Ezequiel Vicente Melillo (born 1 June 1990) is an Argentine professional footballer who plays as a midfielder for San Miguel.

Career
Melillo played in the youth ranks of Peñarol Infantil Olmos, before continuing his career with Villa San Carlos. Ten goals in fifty-five appearances arrived in three Primera B Metropolitana seasons from 2009–10, which included a hat-trick over Tristán Suárez on 11 August 2011. In July 2012, Melillo joined Primera División side Racing Club on loan. He didn't feature in 2012–13, a season which his parent club ended with promotion to Primera B Nacional; where he'd appear twenty-three times as they were relegated back down. Central Norte became Melillo's third team in 2015, which preceded him signing for San Telmo in 2016. 
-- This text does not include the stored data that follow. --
Theorem theorem4 (R : realType) (m k : nat)
  (A Psi : 'M[R[i]]_(m.+1 + k.+1)) (lambda : 'I_(m.+1 + k.+1) -> R[i])
  (V : 'M[R[i]]_(m.+1 + k.+1, m.+1)) (Phi : 'M[R[i]]_m.+1)
  (E : 'M[R[i]]_(m.+1 + k.+1, m.+1)) :
  (* columns of Psi form an orthonormal basis ... *)
  ctrmx Psi *m Psi = 1%:M ->
  (* ... of eigenvectors of A with eigenvalues lambda *)
  (forall j, A *m col j Psi = lambda j *: col j Psi) ->
  (* |lambda_1| >= ... >= |lambda_N| *)
  (forall i j : 'I_(m.+1 + k.+1), (i <= j)%N -> cabs (lambda j) <= cabs (lambda i)) ->
  (* lambda_m <> 0 *)
  lambda (lshift k.+1 (@ord_max m)) != 0 ->
  ctrmx (lsubmx Psi) *m V \in unitmx ->
  Phi \in unitmx ->
  let lam_m := lambda (lshift k.+1 (@ord_max m)) in
  let lam_m1 := lambda (rshift m.+1 (@ord0 k)) in
  let VPhi := V *m Phi in
  let Vp := A *m V *m Phi + E in
  spec_norm E / cabs lam_m <
    ((kappa2 (ctrmx (lsubmx Psi) *m VPhi))^-1 - cabs (lam_m1 / lam_m)) *
    (spec_norm (ctrmx (lsubmx Psi) *m VPhi) * spec_norm (ctrmx (rsubmx Psi) *m VPhi)
     / spec_norm VPhi) ->
  max_angle Psi Vp < max_angle Psi V.
Proof.
move=> unitPsi eigA sorted_lambda lam_m_neq0 unitV _ lam_m lam_m1 VPhi Vp H.
set P := ctrmx Psi; have unitP : ctrmx P *m P = 1%:M := unitary_ctrmx unitPsi.
rewrite /max_angle /= !ctrmx_lsubmx !ctrmx_rsubmx -/P in unitV H *.
rewrite !(mul_usub_mx P) !(mul_dsub_mx P) in unitV H *.
set G := dsubmx (P *m V) *m invmx (usubmx (P *m V)).
have ZY : dsubmx (P *m VPhi) = G *m usubmx (P *m VPhi).
  by rewrite /G /VPhi mulmxA -(mul_usub_mx (P *m V)) -(mul_dsub_mx (P *m V)) -mulmxA mulKmx.
have tan_V x : vnorm2 (dsubmx (P *m VPhi) *m x) <= spec_norm G * vnorm2 (usubmx (P *m VPhi) *m x).
  by rewrite ZY -mulmxA spec_normP.
have PVp : P *m Vp = diag_mx (\row_j lambda j) *m (P *m VPhi) + P *m E.
  by rewrite mulmxDr !mulmxA (ctrmx_eigenbasis unitPsi eigA).
rewrite -(spec_norm_isometry VPhi unitP) cabs_div in H.
rewrite unitV PVp.
have lam_m_gt0 : 0 < cabs lam_m := cabs_gt0 lam_m_neq0.
have gap_m : cabs lam_m1 <= cabs lam_m by apply: sorted_lambda; rewrite /= addn0.
have top i : cabs lam_m <= cabs (lambda (lshift k.+1 i)).
  by apply: sorted_lambda; rewrite /= leq_ord.
have bot i : cabs (lambda (rshift m.+1 i)) <= cabs lam_m1.
  by apply: sorted_lambda; rewrite /= leq_add2l.
have E_bound x : vnorm2 (P *m E *m x) <= spec_norm E * vnorm2 x.
  by rewrite -mulmxA vnorm2_isometry ?spec_normP.
have [unitW tan_lt] := perturbed_tan_lt lam_m_gt0 (cabs_ge0 _) gap_m (spec_norm_ge0 _)
  (spec_norm_ge0 _) top bot tan_V E_bound H.
by rewrite unitW; apply: lt_atan.
Qed.
Lemma smooth2_is_derive_t t x : is_derive (fun s => F s x) t (pt F t x).
Proof. apply is_derive_Reals, smooth2_inv. Qed.
Lemma smooth2_is_derive_x t x : is_derive (fun y => F t y) x (px F t x).
Proof. apply is_derive_Reals, smooth2_inv. Qed.
Lemma smooth2_Derive_t t x : Derive (fun s => F s x) t = pt F t x.
Proof. apply is_derive_unique, smooth2_is_derive_t. Qed.
Lemma smooth2_Derive_x t x : Derive (fun y => F t y) x = px F t x.
Proof. apply is_derive_unique, smooth2_is_derive_x. Qed.
Lemma smooth2_ex_t t x : ex_derive (fun s => F s x) t.
Proof. eexists; apply smooth2_is_derive_t. Qed.
Lemma smooth2_ex_x t x : ex_derive (fun y => F t y) x.
Proof. eexists; apply smooth2_is_derive_x. Qed.
End Smooth2.

Lemma smooth2_schwarz (F : R -> R -> R) t x : smooth2 F -> pt (px F) t x = px (pt F) t x.
Proof.
  intro HF.
  assert (Htx : forall u w, Derive (fun z => Derive (fun y => F z y) w) u = pt (px F) u w).
  { intros u w. rewrite (Derive_ext _ (fun z => px F z w)) by (intro; apply smooth2_Derive_x, HF).
    apply smooth2_Derive_t, smooth2_px, HF. }
  assert (Hxt : forall u w, Derive (fun z => Derive (fun y => F y z) u) w = px (pt F) u w).
  { intros u w. rewrite (Derive_ext _ (fun z => pt F u z)) by (intro; apply smooth2_Derive_t, HF).
    apply smooth2_Derive_x, smooth2_pt, HF. }
  rewrite <- Htx, <- Hxt. apply Schwarz.
  - exists (mkposreal 1 Rlt_0_1). intros u w _ _. repeat split.
    + apply smooth2_ex_t, HF.
    + apply smooth2_ex_x, HF.
    + apply (ex_derive_ext (fun z => px F z w)).
      { intro; symmetry; apply smooth2_Derive_x, HF. }
      apply smooth2_ex_t, smooth2_px, HF.
    + apply (ex_derive_ext (fun z => pt F u z)).
      { intro; symmetry; apply smooth2_Derive_t, HF. }
      apply smooth2_ex_x, smooth2_pt, HF.
  - apply continuity_2d_pt_ext with (f := pt (px F)).
    { intros; symmetry; apply Htx. }
    apply smooth2_continuity_2d, smooth2_pt, smooth2_px, HF.
  - apply continuity_2d_pt_ext with (f := px (pt F)).
    { intros; symmetry; apply Hxt. }
    apply smooth2_continuity_2d, smooth2_px, smooth2_pt, HF.
Qed.

(* A function nondecreasing on [a, b] has a nonnegative derivative inside:
   its right difference quotients are nonnegative. *)
Lemma derivative_nonneg_of_nondecreasing (F : R -> R) a b u l :
  a < u < b -> (forall s t, a <= s <= b -> a <= t <= b -> s <= t -> F s <= F t) ->
  derivable_pt_lim F u l -> 0 <= l.
Proof.
  intros Hu Hmono Hl. apply Rnot_lt_le. intro Hneg.
  destruct (Hl (- l) ltac:(lra)) as [d Hd].
  set (k := Rmin (d / 2) ((b - u) / 2)).
  assert (Hk : 0 < k) by (unfold k; apply Rmin_glb_lt; pose proof (cond_pos d); lra).
  assert (Hkb : k <= (b - u) / 2) by apply Rmin_r.
  assert (Hkd : k <= d / 2) by apply Rmin_l.
  specialize (Hd k ltac:(lra) ltac:(rewrite Rabs_pos_eq; pose proof (cond_pos d); lra)).
  assert (F u <= F (u + k)) by (apply Hmono; lra).
  assert (0 <= (F (u + k) - F u) / k) by (apply Rdiv_le_0_compat; lra).
  apply Rabs_def2 in Hd. lra.
Qed.

Definition continuous_within (A : R -> R) (P : R -> Prop) (x : R) : Prop :=
  forall eps, 0 < eps -> exists d, 0 < d /\
    forall y, P y -> Rabs (y - x) < d -> Rabs (A y - A x) < eps.

(* Mean value theorem with an interior point, assuming only continuity of A
   within [s, t] at the endpoints: apply the usual one to A composed with the
   projection of R onto [s, t]. *)
Lemma mvt_interior (A D : R -> R) s t : s < t ->
  (forall x, s < x < t -> is_derive A x (D x)) ->
  (forall x, s <= x <= t -> continuous_within A (fun y => s <= y <= t) x) ->
  exists c, s < c < t /\ A t - A s = D c * (t - s).
Proof.
  intros Hst Hder Hcont.
  set (clamp := fun y => Rmax s (Rmin y t)).
  assert (Hclamp_in : forall y, s <= clamp y <= t).
  { intro y; unfold clamp; split; [apply Rmax_l|].
    apply Rmax_lub; [lra | apply Rmin_r]. }
  assert (Hclamp_id : forall y, s <= y <= t -> clamp y = y).
  { intros y Hy; unfold clamp. rewrite Rmin_left, Rmax_right; lra. }
  assert (Hclamp_lip : forall x y, s <= x <= t -> Rabs (clamp y - x) <= Rabs (y - x)).
  { intros x y Hx. unfold clamp. unfold Rmax, Rmin.
    destruct (Rle_dec y t), (Rle_dec s _); apply Rabs_le; split;
      pose proof (Rle_abs (y - x)); pose proof (Rle_abs (- (y - x))); rewrite Rabs_Ropp in *; lra. }
  set (B := fun y => A (clamp y)).
  assert (HB : forall y, s <= y <= t -> B y = A y) by (intros; unfold B; f_equal; auto).
  assert (HBder : forall c, s < c < t -> derivable_pt_lim B c (D c)).
  { intros c Hc. apply is_derive_Reals. apply (is_derive_ext_loc A).
    - exists (mkposreal (Rmin (c - s) (t - c)) ltac:(apply Rmin_glb_lt; lra)).
      intros y Hy. symmetry. apply HB.
      unfold ball in Hy; simpl in Hy; unfold AbsRing_ball, abs, minus, plus, opp in Hy; simpl in Hy.
      apply Rabs_def2 in Hy. pose proof (Rmin_l (c - s) (t - c)); pose proof (Rmin_r (c - s) (t - c)). lra.
    - apply Hder, Hc. }
  assert (HBcont : forall x, s <= x <= t -> continuity_pt B x).
  { intros x Hx eps Heps. destruct (Hcont x Hx eps Heps) as [d [Hd Hd']].
    exists d. split; [exact Hd|]. intros y [_ Hy]. simpl in *. unfold R_dist in *.
    unfold B. rewrite (Hclamp_id x Hx). apply Hd'; [apply Hclamp_in|].
    eapply Rle_lt_trans; [apply Hclamp_lip|]; assumption. }
  set (prB := fun c (P : s < c < t) => exist (fun l => derivable_pt_lim B c l) (D c) (HBder c P)).
  set (prId := fun c (_ : s < c < t) => derivable_pt_id c).
  destruct (MVT B id s t prB prId Hst HBcont) as [c [Pc Hc]].
  { intros; apply derivable_continuous_pt, derivable_pt_id. }
  exists c. split; [exact Pc|].
  rewrite derive_pt_id in Hc. simpl in Hc. unfold id in Hc.
  rewrite <- (HB s), <- (HB t) by lra. lra.
Qed.

Lemma ex_RInt_continuity (F : R -> R) a b :
  (forall y, Rmin a b <= y <= Rmax a b -> continuity_pt F y) -> ex_RInt F a b.
Proof.
  intro H. apply (@ex_RInt_continuous R_CompleteNormedModule).
  intros z Hz. apply continuity_pt_filterlim, H, Hz.
Qed.

Lemma RInt_Chasles_R (F : R -> R) a b c : ex_RInt F a b -> ex_RInt F b c ->
  RInt F a b + RInt F b c = RInt F a c.
Proof. exact (@RInt_Chasles R_CompleteNormedModule F a b c). Qed.

Lemma RInt_derive (Q DQ : R -> R) a b :
  (forall x, Rmin a b <= x <= Rmax a b -> is_derive Q x (DQ x)) ->
  (forall x, Rmin a b <= x <= Rmax a b -> continuity_pt DQ x) ->
  RInt DQ a b = Q b - Q a.
Proof.
  intros Hd Hc. apply is_RInt_unique, (@is_RInt_derive R_CompleteNormedModule Q DQ a b Hd).
  intros x Hx. apply continuity_pt_filterlim, Hc, Hx.
Qed.

Lemma is_derive_RInt_param_R (phi D : R -> R -> R) a b u e : 0 < e ->
  (forall t y, Rabs (t - u) < e -> is_derive (fun z => phi z y) t (D t y)) ->
  (forall y, continuity_2d_pt D u y) ->
  (forall t y, Rabs (t - u) < e -> continuity_pt (phi t) y) ->
  is_derive (fun t => RInt (phi t) a b) u (RInt (D u) a b).
Proof.
  intros He Hd Hc Hx.
  set (ball_u := mkposreal e He).
  assert (E : RInt (D u) a b = RInt (fun y => Derive (fun z => phi z y) u) a b).
  { apply RInt_ext. intros y _. symmetry. apply is_derive_unique, Hd.
    rewrite Rminus_diag, Rabs_R0; exact He. }
  rewrite E. apply (is_derive_RInt_param phi a b u).
  - exists ball_u. intros t Ht y _. eexists. apply Hd, Ht.
  - intros y _. apply continuity_2d_pt_ext_loc with (f := D); [|apply Hc].
    exists ball_u. intros t w Ht _. symmetry. apply is_derive_unique, Hd, Ht.
  - exists ball_u. intros t Ht. apply ex_RInt_continuity. intros; apply Hx, Ht.
Qed.

Lemma RInt_param_continuous_within (phi : R -> R -> R) (P : R -> Prop) a b t : a <= b ->
  (forall y, a <= y <= b -> continuity_2d_pt phi t y) ->
  (forall s, P s -> ex_RInt (phi s) a b) -> P t ->
  continuous_within (fun s => RInt (phi s) a b) P t.
Proof.
  intros Hab Hc Hi Pt eps He.
  assert (He' : 0 < eps / 2 / (b - a + 1)) by (apply Rdiv_lt_0_compat; lra).
  destruct (uniform_continuity_2d_1d' phi a b t Hc (mkposreal _ He')) as [d Hd].
  exists d. split; [apply cond_pos|]. intros s Ps Hs.
  rewrite <- (@RInt_minus R_CompleteNormedModule) by auto.
  eapply Rle_lt_trans; [apply abs_RInt_le_const with (M := eps / 2 / (b - a + 1))|].
  - exact Hab.
  - apply (@ex_RInt_minus R_NormedModule); auto.
  - intros y Hy. left. apply (Hd y t y s); auto.
    + pose proof (cond_pos d); lra.
    + apply Rabs_def2 in Hs. lra.
    + rewrite Rminus_diag, Rabs_R0. apply cond_pos.
  - apply Rle_lt_trans with ((b - a + 1) * (eps / 2 / (b - a + 1))).
    + apply Rmult_le_compat_r; lra.
    + replace ((b - a + 1) * (eps / 2 / (b - a + 1))) with (eps / 2) by (field; lra). lra.
Qed.

Lemma integrable_ex_RInt (th : R -> R) a b : integrable_R th -> ex_RInt th a b.
Proof. intros [H _]. destruct (H a b) as [pr]. apply ex_RInt_Reals_1, pr. Qed.

Lemma integrable_ex_RInt_abs (th : R -> R) a b :
  integrable_R th -> ex_RInt (fun x => Rabs (th x)) a b.
Proof. intro H. apply (ex_RInt_norm th), integrable_ex_RInt, H. Qed.

Lemma RInt_abs_le_integrable (F th : R -> R) c d : c <= d -> ex_RInt F c d -> integrable_R th ->
  (forall x, c <= x <= d -> Rabs (F x) <= th x) -> Rabs (RInt F c d) <= RInt (fun x => Rabs (th x)) c d.
Proof.
  intros Hcd HF Hth Hdom. eapply Rle_trans; [apply abs_RInt_le; auto|].
  apply RInt_le; auto; [apply (ex_RInt_norm F c d HF) | apply (ex_RInt_norm th), integrable_ex_RInt, Hth|].
  intros x Hx. eapply Rle_trans; [apply Hdom; lra | apply Rle_abs].
Qed.

Lemma integrable_bounded (th : R -> R) : integrable_R th ->
  exists M, forall c d, c <= d -> RInt (fun x => Rabs (th x)) c d <= M.
Proof.
  intro H. pose proof H as [_ [M HM]]. exists M. intros c d Hcd.
  pose proof (ex_RInt_Reals_0 _ _ _ (integrable_ex_RInt_abs th c d H)) as pr.
  rewrite (RInt_Reals _ _ _ pr). apply HM, Hcd.
Qed.

Lemma integrable_tail (th : R -> R) : integrable_R th -> forall eps, 0 < eps -> exists M, 0 <= M /\
  forall c d, c <= d -> (M <= c \/ d <= - M) -> RInt (fun x => Rabs (th x)) c d <= eps.
Proof.
  intros Hth eps He.
  set (I := fun c d => RInt (fun x => Rabs (th x)) c d).
  assert (Iadd : forall c d e, I c d + I d e = I c e)
    by (intros; apply RInt_Chasles_R; apply integrable_ex_RInt_abs, Hth).
  assert (Ipos : forall c d, c <= d -> 0 <= I c d)
    by (intros; apply RInt_ge_0; auto; [apply integrable_ex_RInt_abs, Hth | intros; apply Rabs_pos]).
  (* S is the supremum of all I c d; some I c0 d0 comes within eps of it. *)
  set (E := fun y => exists c d, c <= d /\ y = I c d).
  destruct (integrable_bounded th Hth) as [Mb HMb].
  destruct (completeness E) as [S [HS1 HS2]].
  { exists Mb. intros y [c [d [Hcd ->]]]. apply HMb, Hcd. }
  { exists (I 0 0), 0, 0. split; [lra | reflexivity]. }
  assert (Hex : exists c0 d0, c0 <= d0 /\ S - eps < I c0 d0).
  { apply NNPP. intro N. assert (S <= S - eps); [|lra]. apply HS2.
    intros y [c [d [Hcd ->]]]. apply Rnot_lt_le. intro. apply N. eauto. }
  destruct Hex as [c0 [d0 [Hcd0 Hy0]]].
  exists (Rabs c0 + Rabs d0 + 1).
  pose proof (Rle_abs c0); pose proof (Rle_abs d0);
  pose proof (Rle_abs (-c0)); pose proof (Rle_abs (-d0)); rewrite !Rabs_Ropp in *.
  split; [lra|]. intros c d Hcd [Hc | Hd].
  - assert (I c0 d0 + I d0 c + I c d <= S).
    { rewrite !Iadd. apply HS1. exists c0, d. split; [lra | reflexivity]. }
    pose proof (Ipos d0 c ltac:(lra)). fold (I c d). lra.
  - assert (I c d + I d c0 + I c0 d0 <= S).
    { rewrite !Iadd. apply HS1. exists c, d0. split; [lra | reflexivity]. }
    pose proof (Ipos d c0 ltac:(lra)). fold (I c d). lra.
Qed.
After participating in sixty games and netting nine goals across two campaigns, Melillo completed a move to Almirante Brown on 13 June 2018. His debut came in a defeat to Estudiantes on 20 August, which was followed by his first goal against All Boys in September. July 2019 saw Melillo head across Primera B Metropolitana to Tristán Suárez. He scored five goals in twenty-one games in his first season there.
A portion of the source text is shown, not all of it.